■ **Exercise material**:

★ ★ ★ ★ ★ ★ ★

(* Let $K\in\{\mathbb R,\mathbb C,\mathbb H\}$ and let $(E,d)$ be a metric vector space over $K$ such that $d$ is asymptotically multiplicative, unbounded on every non-trivial linear subspace, and such that for every $C_1>1$ there exists $C_0\ge0$ with $d\big(\sum_{i=1}^n x_i,\sum_{i=1}^n y_i\big)\le C_1\sum_{i=1}^n d(x_i,y_i)+nC_0$ for all $n\ge2$ and $x_1,\dots,x_n,y_1,\dots,y_n\in E$. Let $d_0(x,y)=\int_{\mathbb U}d(ux,uy)\,d\mu(u)$ and $\delta_0(x,y)=\lim_{n\to+\infty}\frac1n d_0(nx,ny)$. Then $\delta_0$ is translation invariant, i.e. $\delta_0(x+z,y+z)=\delta_0(x,y)$ for all $x,y,z\in E$, and setting $\|x-y\|=\delta_0(x,y)$ defines a norm $\|\cdot\|$ on $E$ such that the distance $\|x-y\|$ is asymptotically isometric to $d_0$ and to $d$.
   Context: A metric vector space is a topological vector space over $K$ whose topology is generated by the metric $d$. $\mathbb U=\{u\in K:|u|=1\}$, $\mu$ the right-invariant Haar probability measure on $\mathbb U$. $d$ is asymptotically multiplicative if for every $C_1>1$ there exist $C_2,C_3\ge0$ with $C_1^{-1}|\lambda|d(x,y)-C_2|\lambda|-C_3\le d(\lambda x,\lambda y)\le C_1|\lambda|d(x,y)+C_2|\lambda|+C_3$ for all $\lambda\in K$, $x,y\in E$. A distance $\rho$ is asymptotically isometric to a distance $\sigma$ if for every $A>1$ there is $B\ge0$ with $A^{-1}\sigma-B\le\rho\le A\sigma+B$ pointwise. (Under these hypotheses the limit defining $\delta_0$ exists.) *)

From mathcomp Require Import all_boot all_order all_algebra.
From mathcomp Require Import all_classical all_reals all_analysis.
Set Implicit Arguments. Unset Strict Implicit. Unset Printing Implicit Defensive.
Import Order.TTheory GRing.Theory Num.Theory numFieldTopology.Exports numFieldNormedType.Exports.
Local Open Scope ring_scope.
Local Open Scope classical_set_scope.

(* The scalar "field" K in {R, C, H}, given concretely over a real     *)
(* closed field R : realType as R, R^2 (complex product) and R^4       *)
(* (Hamilton product), each with its Euclidean absolute value and its  *)
(* Borel (= product) sigma-algebra.                                    *)
Record scalars (R : realType) := Scalars {
  sc_disp : measure_display;
  sc_type : measurableType sc_disp;
  sc_zero : sc_type;
  sc_one  : sc_type;
  sc_add  : sc_type -> sc_type -> sc_type;
  sc_opp  : sc_type -> sc_type;
  sc_mul  : sc_type -> sc_type -> sc_type;
  sc_abs  : sc_type -> R }.

Section Scalars.
Variable R : realType.

Definition real_scalars : scalars R :=
  @Scalars R _ (R : measurableType _) 0 1 +%R -%R *%R (fun x : R => `|x|).

(* complex numbers a + b i as pairs (a, b) *)
Definition cmul (z w : R * R) : R * R :=
  (z.1 * w.1 - z.2 * w.2, z.1 * w.2 + z.2 * w.1).
Definition complex_scalars : scalars R :=
  @Scalars R _ ((R * R)%type : measurableType _) (0, 0) (1, 0)
    (fun z w => (z.1 + w.1, z.2 + w.2)) (fun z => (- z.1, - z.2)) cmul
    (fun z => Num.sqrt (z.1 ^+ 2 + z.2 ^+ 2)).

(* quaternions a + b i + c j + d k as ((a, b), (c, d)) *)
Definition qmul (p q : (R * R) * (R * R)) : (R * R) * (R * R) :=
  let: ((a1, b1), (c1, d1)) := p in
  let: ((a2, b2), (c2, d2)) := q in
  ((a1 * a2 - b1 * b2 - c1 * c2 - d1 * d2,
    a1 * b2 + b1 * a2 + c1 * d2 - d1 * c2),
   (a1 * c2 - b1 * d2 + c1 * a2 + d1 * b2,
    a1 * d2 + b1 * c2 - c1 * b2 + d1 * a2)).
Definition qadd (p q : (R * R) * (R * R)) : (R * R) * (R * R) :=
  ((p.1.1 + q.1.1, p.1.2 + q.1.2), (p.2.1 + q.2.1, p.2.2 + q.2.2)).
Definition qopp (p : (R * R) * (R * R)) : (R * R) * (R * R) :=
  ((- p.1.1, - p.1.2), (- p.2.1, - p.2.2)).
Definition qabs (p : (R * R) * (R * R)) : R :=
  Num.sqrt (p.1.1 ^+ 2 + p.1.2 ^+ 2 + p.2.1 ^+ 2 + p.2.2 ^+ 2).
Definition quaternion_scalars : scalars R :=
  @Scalars R _ (((R * R) * (R * R))%type : measurableType _)
    ((0, 0), (0, 0)) ((1, 0), (0, 0)) qadd qopp qmul qabs.

End Scalars.

Inductive scalar_kind := K_real | K_complex | K_quaternion.

Definition scal (R : realType) (k : scalar_kind) : scalars R :=
  match k with
  | K_real => real_scalars R
  | K_complex => complex_scalars R
  | K_quaternion => quaternion_scalars R
  end.

Section Defs.
Variables (R : realType) (K : scalars R) (E : zmodType).
Notation KT := (sc_type K).
Variable act : KT -> E -> E.
Variable d : E -> E -> R.

Definition is_left_module : Prop :=
  [/\ forall a x y, act a (x + y) = act a x + act a y,
      forall a b x, act (sc_add a b) x = act a x + act b x,
      forall a b x, act (sc_mul a b) x = act a (act b x) &
      forall x, act (sc_one K) x = x].

Definition is_metric : Prop :=
  [/\ forall x y, 0 <= d x y,
      forall x y, d x y = 0 <-> x = y,
      forall x y, d x y = d y x &
      forall x y z, d x z <= d x y + d y z].

Definition kdist (a b : KT) : R := sc_abs (sc_add a (sc_opp b)).

Definition metric_vector_space : Prop :=
  [/\ is_left_module, is_metric,
      (forall x y (e : R), 0 < e -> exists2 del : R, 0 < del &
         forall x' y', d x x' < del -> d y y' < del -> d (x + y) (x' + y') < e) &
      (forall a x (e : R), 0 < e -> exists2 del : R, 0 < del &
         forall a' x', kdist a a' < del -> d x x' < del ->
           d (act a x) (act a' x') < e)].

Definition asymptotically_multiplicative : Prop :=
  forall C1 : R, 1 < C1 -> exists C2 C3 : R, [/\ 0 <= C2, 0 <= C3 &
    forall (l : KT) x y,
      C1^-1 * sc_abs l * d x y - C2 * sc_abs l - C3 <= d (act l x) (act l y)
      /\ d (act l x) (act l y) <= C1 * sc_abs l * d x y + C2 * sc_abs l + C3].
Fact lincomb_is_linear : linear lincomb.
Proof.
move=> a u v; rewrite /lincomb scaler_sumr -big_split; apply: eq_bigr => i _.
by rewrite !mxE scalerDl scalerA.
Qed.

HB.instance Definition _ :=
  GRing.isLinear.Build k 'rV[k]_r V *:%R lincomb lincomb_is_linear.

Lemma lincomb_row (c : 'I_r -> k) : lincomb (\row_i c i) = \sum_i c i *: g i.
Proof. by apply: eq_bigr => i _; rewrite mxE. Qed.

Lemma lincomb_mulmx m (v : 'rV[k]_m) (M : 'M[k]_(m, r)) :
  lincomb (v *m M) = \sum_i v 0 i *: lincomb (row i M).
Proof.
rewrite /lincomb; under eq_bigr do rewrite mxE scaler_suml.
rewrite exchange_big /=; apply: eq_bigr => i _; rewrite scaler_sumr.
by apply: eq_bigr => j _; rewrite !mxE scalerA.
Qed.

End LinearCombination.

Section StableSpan.
Variables (k : fieldType) (V : lmodType k) (I : finType) (g : I -> V).

Definition inspan (x : V) : Prop := exists c : I -> k, x = \sum_i c i *: g i.

Lemma inspan0 : inspan 0.
Proof. by exists (fun=> 0); rewrite big1 // => i _; rewrite scale0r. Qed.

Lemma inspanD x y : inspan x -> inspan y -> inspan (x + y).
Proof.
move=> [c ->] [c' ->]; exists (fun i => c i + c' i).
by rewrite -big_split; apply: eq_bigr => i _; rewrite scalerDl.
Qed.

Lemma inspanZ (a : k) x : inspan x -> inspan (a *: x).
Proof.
move=> [c ->]; exists (fun i => a * c i).
by rewrite scaler_sumr; apply: eq_bigr => i _; rewrite scalerA.
Qed.

Lemma inspan_sum (J : Type) (s : seq J) (P : pred J) (F : J -> V) :
  (forall j, P j -> inspan (F j)) -> inspan (\sum_(j <- s | P j) F j).
Proof. by apply: big_ind; [apply: inspan0 | apply: inspanD]. Qed.

Lemma inspan_gen i : inspan (g i).
Proof.
exists (fun j => (j == i)%:R); rewrite (bigD1 i) //= eqxx scale1r big1 ?addr0 //.
by move=> j /negbTE ->; rewrite scale0r.
Qed.

Variable phi : {linear V -> V}.
Hypothesis phi_inj : injective phi.
Hypothesis phi_span : forall i, inspan (phi (g i)).

Lemma inspan_phi x : inspan x -> inspan (phi x).
Proof.
move=> [c ->]; rewrite linear_sum; apply: inspan_sum => i _.
by rewrite linearZ; apply: inspanZ.
Qed.

Lemma stable_span_matrix : exists r (phiV : 'M[k]_r) (b : 'I_r -> V),
  [/\ phiV \in unitmx, forall v, inspan (lincomb b v),
      forall v, lincomb b (v *m phiV) = phi (lincomb b v) &
      forall x, inspan x -> exists v, lincomb b v = x].
Proof.
have [r [b [b_span b_spanning b_free]]] :
    exists r (b : 'I_r -> V), [/\ forall i, inspan (b i),
      forall x, inspan x -> exists c : 'I_r -> k, x - \sum_i c i *: b i = 0 &
      forall c : 'I_r -> k, \sum_i c i *: b i = 0 -> forall i, c i = 0].
  have ND (x y : V) : x = 0 -> y = 0 -> x + y = 0 by move=> -> ->; rewrite addr0.
  have NZ (c : k) (x : V) : x = 0 -> c *: x = 0 by move=> ->; rewrite scaler0.
  apply: (exists_basis_modulo ND NZ (e := g \o enum_val)) => [j | x [c ->]].
    exact: inspan_gen.
  exists (c \o enum_val); apply/eqP; rewrite subr_eq0.
  by apply/eqP; rewrite (reindex _ (onW_bij _ (enum_val_bij _))).
have /fin_all_exists[C phi_b] i : exists v, lincomb b v = phi (b i).
  have [c /eqP] := b_spanning _ (inspan_phi (b_span i)).
  by rewrite subr_eq0 => /eqP ->; exists (\row_j c j); rewrite lincomb_row.
pose phiV := \matrix_i C i.
have phiVP v : lincomb b (v *m phiV) = phi (lincomb b v).
  rewrite lincomb_mulmx linear_sum; apply: eq_bigr => i _.
  by rewrite rowK phi_b linearZ.
exists r, phiV, b; split => //.
- rewrite unitmxE unitfE; apply/negP => /det0P[v /eqP v_neq0 v_ker].
  have : lincomb b v = 0 by apply: phi_inj; rewrite -phiVP v_ker !linear0.
  rewrite /lincomb => /b_free v0; apply: v_neq0; apply/rowP => i.
  by rewrite !mxE v0.
- by move=> v; apply: inspan_sum => i _; apply: inspanZ.
- move=> x /b_spanning[c /eqP]; rewrite subr_eq0 => /eqP ->.
  by exists (\row_i c i); rewrite lincomb_row.
Qed.

End StableSpan.

Section IdealPowers.
Variables (k : fieldType) (A : comAlgType k).

Lemma maxidealMr (x y : A) : maxideal x -> maxideal (x * y).
Proof. by move=> hx [z hz]; apply: hx; exists (y * z); rewrite mulrA. Qed.

Lemma maxideal0 : maxideal (0 : A).
Proof. by case=> z /eqP; rewrite mul0r eq_sym oner_eq0. Qed.

Lemma mpow0 n : mpow n (0 : A).
Proof. by case: n => //= n; exists [::]; rewrite big_nil. Qed.

Lemma mpowD n (x y : A) : mpow n x -> mpow n y -> mpow n (x + y).
Proof.
case: n => //= n [s [hs ->]] [t [ht ->]]; exists (s ++ t); split.
  by move=> p; rewrite mem_cat => /orP[/hs|/ht].
by rewrite big_cat.
Qed.

Lemma mpowMr n (x y : A) : mpow n x -> mpow n (x * y).
Proof.
elim: n x => // n IH x /= [s [hs ->]].
exists [seq (p.1, p.2 * y) | p <- s]; split.
  by move=> _ /mapP[p /hs[h1 h2] ->]; split => //; apply: IH.
by rewrite big_map mulr_suml; apply: eq_bigr => p _; rewrite mulrA.
Qed.

Lemma mpowMl n (x y : A) : mpow n y -> mpow n (x * y).
Proof. by rewrite mulrC; apply: mpowMr. Qed.

Lemma mpowZ n (c : k) (x : A) : mpow n x -> mpow n (c *: x).
Proof. by rewrite -mulr_algl; apply: mpowMl. Qed.

Lemma mpowN n (x : A) : mpow n x -> mpow n (- x).
Proof. by rewrite -scaleN1r; apply: mpowZ. Qed.

Lemma mpowB n (x y : A) : mpow n x -> mpow n y -> mpow n (x - y).
Proof. by move=> hx /mpowN; apply: mpowD. Qed.

Lemma mpow_sum n (I : Type) (r : seq I) (P : pred I) (F : I -> A) :
  (forall i, P i -> mpow n (F i)) -> mpow n (\sum_(i <- r | P i) F i).
Proof. by apply: big_ind; [apply: mpow0 | apply: mpowD]. Qed.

★ ★ ★ ★ ★ ★ ★

■ **What needs to be done**: Set down the lines of the records exactly, from the first one through the line containing "Set Implicit Arguments.", and add nothing else.

■ **Finished task**:
(* Let $K\in\{\mathbb R,\mathbb C,\mathbb H\}$ and let $(E,d)$ be a metric vector space over $K$ such that $d$ is asymptotically multiplicative, unbounded on every non-trivial linear subspace, and such that for every $C_1>1$ there exists $C_0\ge0$ with $d\big(\sum_{i=1}^n x_i,\sum_{i=1}^n y_i\big)\le C_1\sum_{i=1}^n d(x_i,y_i)+nC_0$ for all $n\ge2$ and $x_1,\dots,x_n,y_1,\dots,y_n\in E$. Let $d_0(x,y)=\int_{\mathbb U}d(ux,uy)\,d\mu(u)$ and $\delta_0(x,y)=\lim_{n\to+\infty}\frac1n d_0(nx,ny)$. Then $\delta_0$ is translation invariant, i.e. $\delta_0(x+z,y+z)=\delta_0(x,y)$ for all $x,y,z\in E$, and setting $\|x-y\|=\delta_0(x,y)$ defines a norm $\|\cdot\|$ on $E$ such that the distance $\|x-y\|$ is asymptotically isometric to $d_0$ and to $d$.
   Context: A metric vector space is a topological vector space over $K$ whose topology is generated by the metric $d$. $\mathbb U=\{u\in K:|u|=1\}$, $\mu$ the right-invariant Haar probability measure on $\mathbb U$. $d$ is asymptotically multiplicative if for every $C_1>1$ there exist $C_2,C_3\ge0$ with $C_1^{-1}|\lambda|d(x,y)-C_2|\lambda|-C_3\le d(\lambda x,\lambda y)\le C_1|\lambda|d(x,y)+C_2|\lambda|+C_3$ for all $\lambda\in K$, $x,y\in E$. A distance $\rho$ is asymptotically isometric to a distance $\sigma$ if for every $A>1$ there is $B\ge0$ with $A^{-1}\sigma-B\le\rho\le A\sigma+B$ pointwise. (Under these hypotheses the limit defining $\delta_0$ exists.) *)

From mathcomp Require Import all_boot all_order all_algebra.
From mathcomp Require Import all_classical all_reals all_analysis.
Set Implicit Arguments. Unset Strict Implicit. Unset Printing Implicit Defensive.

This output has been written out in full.